Objects (after object drawings). Glazed ceramics, 2014. Photo courtesy of the artist and Space In Between.

"Oh, they're not pubes, actually," replies Matthew, gloriously unconcerned about the looks we're getting from fellow diners. "Pubes aren't so good. My hair's too thin, so it won't go into the cheesedough. So I used beard hair because it's more spikey."

Advertisement

I ask him if it was important to use his own hair. "No, it could have been anyone's hair," he replies. "The vaginal fluid isn't my vaginal fluid. It's a girlfriend's, from last year. But I'd like my next project to specifically collect other people's stuff; their semen and things."

At this juncture, it seems timely to get out in the fresh air and cleanse our palate with a little kale. After all, Communal Juicing did include something described in the exhibition text as "a live, durational performance work with two masticating actors and a cold press Omega 8006 juicer". So we walk 100 metres around the corner to a hipster hotel—all concrete and flattering photo booths, pot plants, and low clicky electronic music—to buy something to drink from their juice hatch.

photo 5

Matthew with his juice. Photo by the author.

"I was going out with a girl who was really into juicing," says Matthew after a fairly in-depth conversation with the woman behind the counter about her Model 280 Norwalk juicer. "I think I realised that this abjection would act on a micro scale. Juicing takes food and puts it through a process. Out of one end comes juice, and out of the bottom you get this abject, shitty pulp."

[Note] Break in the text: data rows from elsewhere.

(* Let $A\in\{0,1\}^{n\times n}$ be symmetric, let $t\in(0,1)$, $c_{A}=\sqrt{(1-t)/t}$, $c_{A^c}=\sqrt{t/(1-t)}$, $\lambda=\frac{1}{48\sqrt n}$, and let $Y^*$ be a cluster matrix as described in the context. Then $Y^*$ is the unique optimal solution of $$\max_{Y\in\mathbb{R}^{n\times n}}\ c_{A}\sum_{(i,j):a_{ij}=1}y_{ij}-c_{A^c}\sum_{(i,j):a_{ij}=0}y_{ij}-48\sqrt{n}\,\|Y\|_*\quad\text{s.t. } 0\le y_{ij}\le 1\ \ \forall i,j,$$ if there exist a matrix $W\in\mathbb{R}^{n\times n}$ and a number $0<\epsilon<1$ such that (a) $\|W\|\le 1$; (b) $\|P_T(W)\|_\infty\le \frac{\epsilon}{2}\lambda\min\{c_{A^c},c_{A}\}$; (c) $-(1+\epsilon)\lambda c_{A^c}-(U_0U_0^\top+W)_{ij}=0$ for all $(i,j)\in R\cap\mathcal{A}^c$; $-(1+\epsilon)\lambda c_{A}+w_{ij}=0$ for all $(i,j)\in R^c\cap\mathcal{A}$; $(1-\epsilon)\lambda c_{A}-(U_0U_0^\top+W)_{ij}\ge 0$ for all $(i,j)\in R\cap\mathcal{A}$; and $(1-\epsilon)\lambda c_{A^c}+w_{ij}\ge0$ for all $(i,j)\in R^c\cap\mathcal{A}^c$.
   Context: Cluster matrix: the nodes $\{1,\dots,n\}$ contain a subset $V_1$ partitioned into disjoint clusters (remaining nodes are outliers), and $Y^*\in\{0,1\}^{n\times n}$ has $y^*_{ij}=1$ iff $i,j\in V_1$ lie in the same cluster (including $i=j\in V_1$), $0$ otherwise. $Y^*$ is symmetric positive semidefinite; write its compact eigen/singular value decomposition $Y^*=U_0\Sigma_0U_0^\top$ with $U_0$ having orthonormal columns. $P_T(M):=U_0U_0^\top M+MU_0U_0^\top-U_0U_0^\top MU_0U_0^\top$. $\mathcal{A}=\mathrm{support}(A)=\{(i,j):a_{ij}=1\}$, $R=\mathrm{support}(Y^* )$, and complements are taken in $\{1,\dots,n\}^2$. $\|W\|$ is the spectral norm, $\|M\|_\infty=\max_{ij}|m_{ij}|$, $\|\cdot\|_*$ the nuclear norm. *)

From HB Require Import structures.
From mathcomp Require Import all_boot all_order all_algebra.
From mathcomp Require Import boolp classical_sets reals.
Set Implicit Arguments. Unset Strict Implicit. Unset Printing Implicit Defensive.
Import Order.TTheory GRing.Theory Num.Theory.
Local Open Scope ring_scope.
Local Open Scope classical_set_scope.

Section Defs.
Variable R : realType.

Definition vnorm2 (n : nat) (x : 'cV[R]_n) : R :=
  Num.sqrt (\sum_(i < n) x i 0 ^+ 2).

Definition specnorm (m n : nat) (W : 'M[R]_(m, n)) : R :=
  sup [set vnorm2 (W *m x) | x in [set x : 'cV[R]_n | vnorm2 x <= 1]].

(* Nuclear norm, as the dual norm of the spectral norm
   (equivalently, the sum of the singular values). *)
Definition nucnorm (m n : nat) (Y : 'M[R]_(m, n)) : R :=
  sup [set \tr (Y^T *m Z) | Z in [set Z : 'M[R]_(m, n) | specnorm Z <= 1]].

Definition maxnorm (m n : nat) (M : 'M[R]_(m, n)) : R :=
  \big[Num.max/0]_(i < m) \big[Num.max/0]_(j < n) `|M i j|.

(* Cluster matrix: V1 is the set of clustered (non-outlier) nodes, and the
   clusters are the classes of V1 under the labeling [cl]. *)
Definition cluster_matrix (n : nat) (V1 : {set 'I_n}) (cl : 'I_n -> nat)
  : 'M[R]_n :=
  \matrix_(i, j) (((i \in V1) && (j \in V1) && (cl i == cl j))%:R).

Definition PT (n r : nat) (U0 : 'M[R]_(n, r)) (M : 'M[R]_n) : 'M[R]_n :=
  let P := U0 *m U0^T in P *m M + M *m P - P *m M *m P.

Definition objective (n : nat) (A : 'M[R]_n) (cA cAc : R) (Y : 'M[R]_n) : R :=
  cA * (\sum_(i < n) \sum_(j < n | A i j == 1) Y i j)
  - cAc * (\sum_(i < n) \sum_(j < n | A i j == 0) Y i j)
  - 48 * Num.sqrt n%:R * nucnorm Y.

Definition feasible (n : nat) (Y : 'M[R]_n) : Prop :=
  forall i j, 0 <= Y i j <= 1.

End Defs.

From HB Require Import structures.
From mathcomp Require Import all_boot all_order all_algebra.
From mathcomp Require Import boolp classical_sets reals.
From mathcomp Require Import ring lra.
Set Implicit Arguments. Unset Strict Implicit. Unset Printing Implicit Defensive.
Import Order.TTheory GRing.Theory Num.Theory.
Local Open Scope ring_scope.
Local Open Scope classical_set_scope.

(* Dual certificate.  Put P := U0 U0^T, Q := 1 - P and Z := P + Q W Q.  As P and
   Q are complementary orthogonal projections, ||Z|| <= 1, and U0^T Z U0 = 1 gives
   <Y^*, Z> = sum_k s_k >= ||Y^*||_*, while <Y, Z> <= ||Y||_* for every Y by duality.
   Moreover Z = P + W - P_T(W) and P vanishes wherever Y^* does, so (b) and (c)
   make each entry of lam G - Z, with G the weights of the linear part of the
   objective f, at least c := eps/2 lam min(cA, cAc) where Y^* is 1 and at most -c
   where Y^* is 0.  For feasible Y the entries of Y - Y^* are <= 0 on the first set
   and >= 0 on the second, hence
     lam [f Y - f Y^*] <= <lam G - Z, Y - Y^*> <= - c sum_ij abs [Y - Y^*]_ij,
   which is negative unless Y = Y^*. *)

Section MatrixNorms.
Variable R : realType.
Implicit Types (m n : nat).

Lemma ler_sum_term (I : finType) (F : I -> R) i :
  (forall j, 0 <= F j) -> F i <= \sum_j F j.
Proof.
by move=> F_ge0; rewrite (bigD1 i) //= lerDl sumr_ge0.
Qed.

Definition sqnorm n (x : 'cV[R]_n) : R := \sum_(i < n) x i 0 ^+ 2.

Lemma sqnorm_ge0 n (x : 'cV[R]_n) : 0 <= sqnorm x.
Proof. by apply: sumr_ge0 => i _; rewrite sqr_ge0. Qed.

Lemma vnorm2_le1E n (x : 'cV[R]_n) : (vnorm2 x <= 1) = (sqnorm x <= 1).
Proof. by rewrite /vnorm2 -[X in _ <= X]sqrtr1 ler_sqrt. Qed.

Lemma sqnormE n (x : 'cV[R]_n) : sqnorm x = (x^T *m x) 0 0.
Proof. by rewrite !mxE; apply: eq_bigr => i _; rewrite !mxE expr2. Qed.

Lemma sqnorm0 n : sqnorm (0 : 'cV[R]_n) = 0.
Proof. by rewrite /sqnorm big1 // => i _; rewrite mxE expr0n. Qed.

Lemma sqnorm_eq0 n (x : 'cV[R]_n) : sqnorm x = 0 -> x = 0.
Proof.
move=> /eqP; rewrite psumr_eq0 => [/allP x0|i _]; last exact: sqr_ge0.
apply/matrixP => i j; rewrite ord1 mxE.
by move/implyP: (x0 i (mem_index_enum _)) => /(_ isT); rewrite sqrf_eq0 => /eqP.
Qed.

Lemma sqnormZ n c (x : 'cV[R]_n) : sqnorm (c *: x) = c ^+ 2 * sqnorm x.
Proof. by rewrite /sqnorm mulr_sumr; apply: eq_bigr => i _; rewrite mxE exprMn. Qed.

"People drink juice because it's good for them," he continues, a bottle of liquefied kale, ginger and cucumber in his hand. "But why do they want to do something that's good for them? If you die fat and young, it makes no difference. If you die healthy and old, it makes no difference. It doesn't matter. Post-Enlightenment, after we've put truth and God and objectivity out of the way, it doesn't really matter what you're doing. All that's left is taste and presentation."

And perhaps that's true. When it comes to the basics, when you strip life down to its aliments, maybe all that separates a juice bar from a greasy spoon is taste and presentation.